Special needs and allergies are a balancing act for Chicago families
Monday, February 14, 2011
Parents of kids with special developmental and physical needs are all too familiar with the many challenges they face as they navigate life each day. But what if your child with special needs also has food allergies or intolerances?
Severe food allergies can be life-threatening, bringing an added risk to a child who already copes with other physical or developmental issues. Alison Bell, a Westchester mom of two, has had to find her own ways to cope. Her outgoing 5-year-old son, Kamren, has Down syndrome, as well as a severe peanut allergy.
"We call Kamren 'Curious George,'" Bell says. "He loves to explore."
However, Bell worries about her son's limited ability to speak up about his allergy. "He can't say to people: 'I'm allergic to peanuts.' He doesn't have those words yet," she says.
Looking for ways to help her son stay safe as he ventures out into new situations, Bell scoured the Internet until she found a comfortable medical I.D. bracelet her son can't remove. Food allergy information is always on Kamren's wrist, so he doesn't have to rely solely on verbal communication with those who may not know him well, such as a new caregiver.
Alerting others to food allergies is only part of the equation. Ruth Smith, founder and editor of the online resource "Best Allergy Sites," www.bestallergysites.com, has a 7-year-old son, J, with Asperger's syndrome, a condition marked by difficulty with social interaction. J also has peanut, tree nut, egg and sesame allergies.

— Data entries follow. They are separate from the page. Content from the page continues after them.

Lemma lift_rel_forward P Q l P' : lift_rel P Q -> step P l P' -> bb_answer lift_sym P Q l P'.
Proof.
case=> [|k|k|k k'|||k|k|k k'||P0|P0 Q0 [|d] cdP cdQ|P0 Q0 BPQ] sP.
- case/step_pi: sP => -[-> ->]; [answer_stay | answer_by (G', 3 * n) (q1', 3 * n)].
- case/step_pi: sP => -[-> ->]; [answer_stay | answer_by (G', 3 * n) (q1', 3 * n)].
- by case/step_pi': sP => -> ->; answer_stay.
- case/step_G': sP => [[-> ->]|[-> [k'' ->]]]; [answer_by (G', k) (q1', k) | answer_stay].
- case/step_q1: sP => -[-> ->].
  + answer_by (q1', 3 * n) (q2', 3 * n).
  + answer_by (q1', 3 * n) (t1, 3 * n).
- by case/step_q2: sP => -> ->; answer_stay.
- by case/step_q2: sP => -> ->; answer_stay.
- case/step_q2': sP => -[-> ->]; [answer_stay | answer_by (G, 3 * n) (q3, 3 * n)].
- case/step_G: sP => [[-> [k'' ->]]|[-> ->]]; [answer_stay | answer_by (G, k) (q3, k)].
- case/step_q3: sP => -[-> ->].
  + answer_by (q3', 3 * n) (pj', 3 * n).
  + answer_by (q3', 3 * n) (t1, 3 * n).
- by apply: (bb_answer_match (ts_refl _) sP); lift_sym_intro.
- by case: (cdP _ _ sP).
- have [[Q' sQ] cdQ'] := cdQ; have [-> cdP'] := cdP.2 _ _ sP.
  apply: (bb_answer_match (ts_refl _) sQ); left; first exact: lift_countdown cdP cdQ.
  exact: lift_countdown cdP' (cdQ' _ _ sQ).2.
- case: (bisimB.1 _ _ BPQ _ _ sP) => [[Q'' [Q' [ts [sQ [B1 B2]]]]]|[-> B1]].
  + by apply: (bb_answer_match ts sQ); lift_sym_intro.
  + answer_stay.
Qed.

Lemma lift_rel_backward P Q l P' : lift_rel Q P -> step P l P' -> bb_answer lift_sym P Q l P'.
Proof.
case=> [|k|k|k k'|||k|k|k k'||P0|P0 Q0 d cdQ cdP|Q0 P0 BQP] sP.
- by case/step_pi': sP => -> ->; answer_stay.
- case/step_G': sP => [[-> ->]|[-> [k'' ->]]]; [answer_by (G', k) (q1', k) | answer_stay].
- case/step_G': sP => [[-> ->]|[-> [k'' ->]]]; [answer_by (G', k) (q1', k) | answer_stay].
- exact: lift_rel_forward (lift_G' _ _) sP.
- case/step_q1': sP => -[-> ->].
  + answer_by (q1, n) (q2, n).
  + answer_by (q1, n) (t3, n).
- case/step_q2': sP => -[-> ->]; [answer_stay | answer_by (G, 3 * n) (q3, 3 * n)].
- case/step_G: sP => [[-> [k'' ->]]|[-> ->]]; [answer_stay | answer_by (G, k) (q3, k)].
- case/step_G: sP => [[-> [k'' ->]]|[-> ->]]; [answer_stay | answer_by (G, k) (q3, k)].
- exact: lift_rel_forward (lift_G _ _) sP.
- case/step_q3': sP => -[-> ->].
  + answer_by (q3, 3 * n) (pj, 3 * n).
  + answer_by (q3, 3 * n) (t1, 3 * n).
- exact: lift_rel_forward (lift_refl _) sP.
- exact: lift_rel_forward (lift_countdown cdP cdQ) sP.
- case: (bisimB.2 _ _ BQP _ _ sP) => [[Q'' [Q' [ts [sQ [B1 B2]]]]]|[-> B1]].
  + by apply: (bb_answer_match ts sQ); lift_sym_intro.
  + answer_stay.
Qed.

Lemma lift_sym_bisim : branching_bisimulation lift_sym.
Proof.
apply: symmetric_branching_bisimulation => [P Q [] ?|P Q [] rPQ l P' sP]; [by right|by left| |].
- exact: lift_rel_forward rPQ sP.
- exact: lift_rel_backward rPQ sP.
Qed.

Lemma bbisim_pi_of_pj : bbisim (pi, n) (pi', n).
Proof. by exists lift_sym; split; [exact: lift_sym_bisim | left; exact: lift_pi]. Qed.

End Completeness.

Lemma bbisim_gadget n : bbisim (pj, 3 * n) (pj', 3 * n) <-> bbisim (pi, n) (pi', n).
Proof.
split=> [[B [bisimB Bpj]]|[B [bisimB Bpi]]]; first exact: bbisim_pi_of_pj bisimB Bpj.
by exists B; split; last exact: (bisim_pj_of_pi bisimB Bpi).
Qed.

End Gadget.

Theorem lemma3 (N : ocn) (a t c : Act N)
  (pi pi' G' G q1 q2 q3 q1' q2' q3' t1 t3 t' t'' pj pj' : St N)
  (n1 n2 : nat) :
  uniq [:: tau N; a; t; c] ->
  uniq [:: pi; pi'; G'; G; q1; q2; q3; q1'; q2'; q3'; t1; t3; t'; t''; pj; pj'] ->
  {subset gadget_rules a t c pi pi' G' G q1 q2 q3 q1' q2' q3' t1 t3 t' t'' pj pj'
     <= rules N} ->
  (forall r, r \in rules N ->
     r.1.1.1.1 \in [:: pi; pi'; G'; G; q1; q2; q3; q1'; q2'; q3'; t1; t3; t'; t''] ->
     r \in gadget_rules a t c pi pi' G' G q1 q2 q3 q1' q2' q3' t1 t3 t' t'' pj pj') ->
  let n := 2 ^ n1 * 3 ^ n2 in
  bbisim (pj, 3 * n) (pj', 3 * n) <-> bbisim (pi, n) (pi', n).
Proof.
move=> acts_uniq states_uniq gadget_sub gadget_only n.
exact: (bbisim_gadget acts_uniq states_uniq gadget_sub gadget_only n).
Qed.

"My son often felt left out during classroom birthday celebrations and other activities that involve food," Smith says. Teachers seated J at an isolated table to keep him away from unsafe foods. While this practice is commonly used for allergic kids, segregated seating caused Smith's son to feel even more distant from his classmates. Ultimately, Smith pushed for a policy that limits food in the classroom instead of isolating allergic kids. "J has benefited both socially and academically," she reports.
Food allergies may even clash with some therapies used for kids with certain developmental challenges. "We use food to help with sensory issues," says Kathy Ruffulo, vice president of Children's Services for Aspire, a Chicago-area nonprofit devoted to people with disabilities. "Plus, as a social tool, it's great to sit with a snack and have kids use their language skills."
Aspire has a peanut-free children's facility and asks parents if any food allergies or intolerances are present when enrolling kids in therapy groups.
Food intolerances, such as celiac disease, also pose challenges to kids like 6-year-old Ben Prine. A spunky kindergartner, Ben is on the autism spectrum and also has developmental disabilities. He was placed on a wheat-free, soy-free and casein-free diet by his doctor after it was discovered he suffered both physical and behavioral symptoms from certain foods.
"Changing Ben's diet was a big deal," says his mom, Barb Prine, an Elmhurst mother of two. "He wasn't diagnosed until he was 5, so it was hard for him to give up so many foods. It was a total lifestyle change." Barb and her husband, Doug, involve Ben in cooking and grocery shopping as a way to help him accept and enjoy his new eating regimen. They even found a gluten-free play dough recipe.
Life with food allergies and intolerances can be tough, and adding other special needs to the mix complicates things even further. However, with a parent's love and a little creativity, kids can thrive. "Ben loves to help bake banana bread, cookies and things that all kids enjoy," says Barb Prine. "We just find ways to make them free of the things he can't have."